YOUR INSTRUCTIONS:
Please write out the data below once more, exactly as it stands.

Collected data entries:
(* For $n\ge 2$, $$|\mathcal C_n(321)|=|\mathcal A_{n-1}|,$$ where $\mathcal A_{m}$ is the set of permutations in $S_{m}$ avoiding all six vincular patterns $\underline{32}\,\underline{41}$, $\underline{14}\,\underline{23}$, $\underline{41}\,\underline{32}$, $\underline{23}\,\underline{14}$, $\underline{23}\,\underline{1}$, $\underline{1}\,\underline{32}$.
   Context: Permutations of $[n]=\{1,\dots,n\}$ are written in one-line notation $\pi=\pi_1\cdots\pi_n$. A permutation contains $321$ if there are $i<j<k$ with $\pi_i>\pi_j>\pi_k$, and avoids $321$ otherwise. $\mathcal C_n$ is the set of cyclic permutations of $[n]$ (a single $n$-cycle), and $\mathcal C_n(321)$ those avoiding $321$. Vincular patterns: for a sequence $w=w_1\cdots w_N$ of distinct integers, - $w$ contains $\underline{32}\,\underline{41}$ if there are $i,j$ with $i+2\le j\le N-1$ and $w_{j+1}<w_{i+1}<w_i<w_j$; - $w$ contains $\underline{14}\,\underline{23}$ if there are such $i,j$ with $w_i<w_j<w_{j+1}<w_{i+1}$; - $w$ contains $\underline{41}\,\underline{32}$ if there are such $i,j$ with $w_{i+1}<w_{j+1}<w_j<w_i$; - $w$ contains $\underline{23}\,\underline{14}$ if there are such $i,j$ with $w_j<w_i<w_{i+1}<w_{j+1}$; - $w$ contains $\underline{23}\,\underline{1}$ if there is $i$ with $i+1\le N-1$ and $w_N<w_i<w_{i+1}$; - $w$ contains $\underline{1}\,\underline{32}$ if there is $j$ with $2\le j\le N-1$ and $w_1<w_{j+1}<w_j$. $w$ avoids a pattern if it does not contain it. *)

From mathcomp Require Import all_boot all_order all_fingroup.
Set Implicit Arguments. Unset Strict Implicit. Unset Printing Implicit Defensive.

(* One-line notation of s : 'S_n, as a sequence of naturals (values 0..n-1;
   all patterns are order-based so the shift from 1..n is irrelevant). *)
Definition oneline n (s : 'S_n) : seq nat := [seq val (s i) | i <- enum 'I_n].

Definition is_cyclic n (s : 'S_n) : bool :=
  [exists x : 'I_n, porbit s x == [set: 'I_n]].

Definition contains321 n (s : 'S_n) : bool :=
  [exists i : 'I_n, exists j : 'I_n, exists k : 'I_n,
     [&& i < j, j < k, s j < s i & s k < s j]].

(* Vincular patterns on a sequence w = w_1 ... w_N; below indices are
   0-based: w_{i} (1-based) is nth 0 w (i-1). *)
Section Vincular.
Variable w : seq nat.
Local Notation N := (size w).
Let wn (i : nat) : nat := nth 0 w i.

(* generic two-block pattern: 1-based i, j with i+2 <= j <= N-1,
   i.e. 0-based i, j with i+2 <= j and j+1 < N *)
Definition two_block (P : nat -> nat -> nat -> nat -> bool) : bool :=
  [exists i : 'I_N, exists j : 'I_N,
     [&& i.+2 <= j, j.+1 < N & P (wn i) (wn (i.+1)) (wn j) (wn (j.+1))]].

Definition contains_3241 : bool := two_block (fun a b c d => [&& d < b, b < a & a < c]).
Definition contains_1423 : bool := two_block (fun a b c d => [&& a < c, c < d & d < b]).
Definition contains_4132 : bool := two_block (fun a b c d => [&& b < d, d < c & c < a]).
Definition contains_2314 : bool := two_block (fun a b c d => [&& c < a, a < b & b < d]).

EXERCISE SOLUTION:
(* For $n\ge 2$, $$|\mathcal C_n(321)|=|\mathcal A_{n-1}|,$$ where $\mathcal A_{m}$ is the set of permutations in $S_{m}$ avoiding all six vincular patterns $\underline{32}\,\underline{41}$, $\underline{14}\,\underline{23}$, $\underline{41}\,\underline{32}$, $\underline{23}\,\underline{14}$, $\underline{23}\,\underline{1}$, $\underline{1}\,\underline{32}$.
   Context: Permutations of $[n]=\{1,\dots,n\}$ are written in one-line notation $\pi=\pi_1\cdots\pi_n$. A permutation contains $321$ if there are $i<j<k$ with $\pi_i>\pi_j>\pi_k$, and avoids $321$ otherwise. $\mathcal C_n$ is the set of cyclic permutations of $[n]$ (a single $n$-cycle), and $\mathcal C_n(321)$ those avoiding $321$. Vincular patterns: for a sequence $w=w_1\cdots w_N$ of distinct integers, - $w$ contains $\underline{32}\,\underline{41}$ if there are $i,j$ with $i+2\le j\le N-1$ and $w_{j+1}<w_{i+1}<w_i<w_j$; - $w$ contains $\underline{14}\,\underline{23}$ if there are such $i,j$ with $w_i<w_j<w_{j+1}<w_{i+1}$; - $w$ contains $\underline{41}\,\underline{32}$ if there are such $i,j$ with $w_{i+1}<w_{j+1}<w_j<w_i$; - $w$ contains $\underline{23}\,\underline{14}$ if there are such $i,j$ with $w_j<w_i<w_{i+1}<w_{j+1}$; - $w$ contains $\underline{23}\,\underline{1}$ if there is $i$ with $i+1\le N-1$ and $w_N<w_i<w_{i+1}$; - $w$ contains $\underline{1}\,\underline{32}$ if there is $j$ with $2\le j\le N-1$ and $w_1<w_{j+1}<w_j$. $w$ avoids a pattern if it does not contain it. *)

From mathcomp Require Import all_boot all_order all_fingroup.
Set Implicit Arguments. Unset Strict Implicit. Unset Printing Implicit Defensive.

(* One-line notation of s : 'S_n, as a sequence of naturals (values 0..n-1;
   all patterns are order-based so the shift from 1..n is irrelevant). *)
Definition oneline n (s : 'S_n) : seq nat := [seq val (s i) | i <- enum 'I_n].

Definition is_cyclic n (s : 'S_n) : bool :=
  [exists x : 'I_n, porbit s x == [set: 'I_n]].

Definition contains321 n (s : 'S_n) : bool :=
  [exists i : 'I_n, exists j : 'I_n, exists k : 'I_n,
     [&& i < j, j < k, s j < s i & s k < s j]].

(* Vincular patterns on a sequence w = w_1 ... w_N; below indices are
   0-based: w_{i} (1-based) is nth 0 w (i-1). *)
Section Vincular.
Variable w : seq nat.
Local Notation N := (size w).
Let wn (i : nat) : nat := nth 0 w i.

(* generic two-block pattern: 1-based i, j with i+2 <= j <= N-1,
   i.e. 0-based i, j with i+2 <= j and j+1 < N *)
Definition two_block (P : nat -> nat -> nat -> nat -> bool) : bool :=
  [exists i : 'I_N, exists j : 'I_N,
     [&& i.+2 <= j, j.+1 < N & P (wn i) (wn (i.+1)) (wn j) (wn (j.+1))]].

Definition contains_3241 : bool := two_block (fun a b c d => [&& d < b, b < a & a < c]).
Definition contains_1423 : bool := two_block (fun a b c d => [&& a < c, c < d & d < b]).
Definition contains_4132 : bool := two_block (fun a b c d => [&& b < d, d < c & c < a]).
Definition contains_2314 : bool := two_block (fun a b c d => [&& c < a, a < b & b < d]).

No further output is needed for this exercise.